To follow the status of this process:

* Run `bosh tasks --no-filter` to determine the task ID of the "scan and fix"
task.
* Run `bosh task TASK-ID` with the task ID of the "scan and fix" task.

	<pre class="terminal">
	$ bosh tasks --no-filter
	+----+---------+--------------------+-------+--------------+--------+
	| #  | State   | Timestamp          | User  | Description  | Result |
	+----+---------+--------------------+-------+--------------+--------+
	| 83 | running | 01-21 12:07:34 UTC | admin | scan and fix | active |
	+----+---------+--------------------+-------+--------------+--------+

	$ bosh task 83

	Director task 83
	  Started scanning 1 vms
	. . .
	</pre>

###<a id="scale-deas"></a>Scaling Droplet Execution Agents ###

Droplet Execution Agents (DEAs) stage and run applications.
Follow the steps below to increase the resource pool for DEAs and the number of
DEAs available in your deployment.

1. Run `bosh download manifest YOUR-DEPLOYMENT-NAME prod-current.yml` to
download a copy of your existing deployment manifest.
1. Run `bosh deployment prod-current.yml` to instruct BOSH to reference the
downloaded deployment manifest.
1. Edit `prod-current.yml`, increasing the resource pool for DEAs and the number
of DEAs.
1. Run `bosh deploy` to update your deployment.

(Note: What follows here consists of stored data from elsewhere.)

(* For all integers $u\ge5$, $$9\,T_{24}^{(3\cdot 2^u)}\equiv T_0+2^{u-3}T_1\pmod{2^u},$$ where $T_0=\mathrm{Toepl}\big((0,0,0,0,0,0,0,0,1,0,0,0,0,0,0,0,2,0,0,0,0,0,0,0),\,(0,0,0,0,0,0,0,-1,0,0,0,0,0,0,0,-2,0,0,0,0,0,0,0)\big)$ and $T_1=\mathrm{Toepl}\big((3,0,0,0,4,0,0,0,3,0,4,0,6,0,4,0,4,0,4,0,6,0,4,0),\,(0,0,0,4,0,0,0,2,0,4,0,2,0,4,0,1,0,4,0,2,0,4,0)\big)$.
   Context: For integers $k,i\ge0$, $T_k^{(i)}$ is the $k\times k$ integer matrix $\big(\sum_{\alpha\in\mathbb{Z}}\alpha\binom{i}{\alpha k+r-s}\big)_{1\le r,s\le k}$, with $\binom{a}{b}=0$ if $b<0$ or $b>a$. For a $k$-tuple $S_1=(u_0,u_1,\dots,u_{k-1})$ and a $(k-1)$-tuple $S_2=(u_{-1},u_{-2},\dots,u_{-(k-1)})$, $\mathrm{Toepl}(S_1,S_2)$ is the $k\times k$ matrix whose $(r,s)$ entry is $u_{r-s}$. Congruence of matrices is entrywise. *)

From mathcomp Require Import all_boot all_order all_algebra.
Set Implicit Arguments. Unset Strict Implicit. Unset Printing Implicit Defensive.
Import Order.TTheory GRing.Theory Num.Theory.
Local Open Scope ring_scope.

Definition binz (a : nat) (b : int) : int :=
  if (b < 0)%R then 0 else ('C(a, `|b|%N))%:Z.

(* T_k^(i)(r,s) = sum_{alpha in Z} alpha * binom(i, alpha*k + r - s).
   Only alpha with 0 <= alpha*k + r - s <= i contribute; for |r - s| < k this
   forces |alpha| <= i + 1, so the sum over alpha in [-(i+1), i+1] is the
   full sum over Z. *)
Definition Tmat (k i : nat) : 'M[int]_k :=
  \matrix_(r < k, s < k)
    \sum_(0 <= t < (i + 1).*2.+1)
      let alpha : int := t%:Z - (i + 1)%:Z in
      alpha * binz i (alpha * k%:Z + r%:Z - s%:Z).

(* Toepl(S1, S2)(r,s) = u_{r-s}, with S1 = (u_0,...,u_{k-1}),
   S2 = (u_{-1},...,u_{-(k-1)}). *)
Definition Toepl (k : nat) (S1 S2 : seq int) : 'M[int]_k :=
  \matrix_(r < k, s < k)
    if (s <= r)%N then nth 0 S1 (r - s) else nth 0 S2 (s - r).-1.

Definition mx_congr (k : nat) (m : int) (A B : 'M[int]_k) : Prop :=
  forall r s, (A r s = B r s %[mod m])%Z.

Definition T0 : 'M[int]_24 :=
  Toepl 24 [:: 0;0;0;0;0;0;0;0;1;0;0;0;0;0;0;0;2;0;0;0;0;0;0;0]
           [:: 0;0;0;0;0;0;0;-1;0;0;0;0;0;0;0;-2;0;0;0;0;0;0;0].

Definition T1 : 'M[int]_24 :=
  Toepl 24 [:: 3;0;0;0;4;0;0;0;3;0;4;0;6;0;4;0;4;0;4;0;6;0;4;0]
           [:: 0;0;0;4;0;0;0;2;0;4;0;2;0;4;0;1;0;4;0;2;0;4;0].

From mathcomp Require Import all_boot all_order all_algebra.
From mathcomp Require Import zify ring.
Set Implicit Arguments. Unset Strict Implicit. Unset Printing Implicit Defensive.
Import Order.TTheory GRing.Theory Num.Theory.
Local Open Scope ring_scope.

(* Let G(n, d) and F(n, d) be the sums of C(n, m), resp. of (m div 24) C(n, m), over
   m = d (mod 24).  The (r, s) entry of T_24^(n) is F(n, d) + [r < s] G(n, d) with
   d = r - s (mod 24).  In Z[e]/(e^2)[x]/(x^24 - 1 - e) the power (1 + x)^n equals
   sum_d (G(n, d) + e F(n, d)) x^d, so doubling n squares it: G(2n) is the cyclic
   self-convolution of G(n), and F(2n) is twice the convolution of F(n) with G(n) plus a
   carry term.  For n = 3 2^(w+5) we show by induction on w that
   3 G(n, d) = g0 d + 2^(w+3) g1 d (mod 2^(w+6)) and 9 F(n, d) = t0 d + 2^(w+2) t1 d
   (mod 2^(w+5)), where t0, t1 are the Toeplitz sequences of T0, T1.  Since the
   convolution is symmetric, squaring doubles the modulus of a congruence, so the
   inductive step reduces to finitely many identities between the digit vectors; the base
   case n = 96 is computed modulo 64 by five doublings from n = 3. *)

Definition binsum (V : nmodType) (n : nat) (f : nat -> V) : V :=
  \sum_(m < n.+1) f m *+ 'C(n, m).

Section BinomialSums.

Variable V : nmodType.
Implicit Types (f g : nat -> V).

Lemma eq_binsum n f g : (forall m, (m <= n)%N -> f m = g m) ->
  binsum n f = binsum n g.
Proof. by move=> fg; apply: eq_bigr => m _; rewrite fg // -ltnS. Qed.

Lemma binsumD n f g : binsum n (fun m => f m + g m) = binsum n f + binsum n g.
Proof. by rewrite -big_split; apply: eq_bigr => m _; rewrite mulrnDl. Qed.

###<a id="hm9000"></a>Recovering from HM9000 Failure ###

The Cloud Foundry Health Manager, HM9000, reconciles the expected states of
applications and VMs in a deployment with their actual states.
To do this, the HM9000 uses state information kept in
[etcd](https://github.com/coreos/etcd), a high-availability data store
distributed across multiple nodes.

If etcd enters a bad state and becomes unable to write data, the HM9000 cannot
operate correctly.
To resolve this issue, delete the contents of the etcd data store.
Doing so forces Cloud Foundry to rebuild the etcd data store from current data
and allows the HM9000 to recover.

To delete the contents of the etcd data store:

1. Run `bosh vms` to identify the etcd nodes in your deployment.
1. Run `bosh ssh` to open a secure shell into each etcd node.
1. Run `monit stop etcd` on each etcd node.
1. Delete or move the etcd storage directory, `/var/vcap/store`, on each etcd
node.
1. Run `monit start etcd` on each etcd node.